▸ **Exercise data**
(* Let $\Bbbk$ be a field and let $I\subseteq \Bbbk[x,y,z]$ be a monomial ideal generated in degree $d$ which has a linear resolution. Then there is an ordering $m_1,\ldots,m_r$ of its minimal monomial generators such that $I$ has linear quotients with respect to this ordering, i.e. $(m_1,\ldots,m_{i-1}):m_i$ is generated by variables for every $i=2,\ldots,r$.
   Context: $\Bbbk[x,y,z]$ is the standard graded polynomial ring. A homogeneous ideal generated in degree $d$ has a linear resolution if its graded Betti numbers satisfy $\beta_{i,i+j}(I)=0$ for all $i\geq 0$ and $j\neq d$. *)

From HB Require Import structures.
From mathcomp Require Import all_boot all_order all_algebra.
From mathcomp Require Import mpoly.
Set Implicit Arguments. Unset Strict Implicit. Unset Printing Implicit Defensive.
Import Order.TTheory GRing.Theory.
Local Open Scope ring_scope.

Section Defs.
Variables (F : fieldType) (n : nat).

Definition in_ideal (gs : seq {mpoly F[n]}) (f : {mpoly F[n]}) : Prop :=
  exists c : 'I_(size gs) -> {mpoly F[n]}, f = \sum_(k < size gs) c k * gs`_k.

Definition monp (m : 'X_{1..n}) : {mpoly F[n]} := 'X_[m].

Definition colon_gen_by_vars (prev : seq 'X_{1..n}) (m : 'X_{1..n}) : Prop :=
  exists S : {set 'I_n}, forall f : {mpoly F[n]},
    in_ideal [seq monp u | u <- prev] (f * monp m) <->
    in_ideal [seq monp (mnm1 j) | j <- enum S] f.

▸ **Your objective**
Your task is to retype the whole listing, keeping every word exactly as it is.

▸ **Answer for this exercise**
(* Let $\Bbbk$ be a field and let $I\subseteq \Bbbk[x,y,z]$ be a monomial ideal generated in degree $d$ which has a linear resolution. Then there is an ordering $m_1,\ldots,m_r$ of its minimal monomial generators such that $I$ has linear quotients with respect to this ordering, i.e. $(m_1,\ldots,m_{i-1}):m_i$ is generated by variables for every $i=2,\ldots,r$.
   Context: $\Bbbk[x,y,z]$ is the standard graded polynomial ring. A homogeneous ideal generated in degree $d$ has a linear resolution if its graded Betti numbers satisfy $\beta_{i,i+j}(I)=0$ for all $i\geq 0$ and $j\neq d$. *)

From HB Require Import structures.
From mathcomp Require Import all_boot all_order all_algebra.
From mathcomp Require Import mpoly.
Set Implicit Arguments. Unset Strict Implicit. Unset Printing Implicit Defensive.
Import Order.TTheory GRing.Theory.
Local Open Scope ring_scope.

Section Defs.
Variables (F : fieldType) (n : nat).

Definition in_ideal (gs : seq {mpoly F[n]}) (f : {mpoly F[n]}) : Prop :=
  exists c : 'I_(size gs) -> {mpoly F[n]}, f = \sum_(k < size gs) c k * gs`_k.

Definition monp (m : 'X_{1..n}) : {mpoly F[n]} := 'X_[m].

Definition colon_gen_by_vars (prev : seq 'X_{1..n}) (m : 'X_{1..n}) : Prop :=
  exists S : {set 'I_n}, forall f : {mpoly F[n]},
    in_ideal [seq monp u | u <- prev] (f * monp m) <->
    in_ideal [seq monp (mnm1 j) | j <- enum S] f.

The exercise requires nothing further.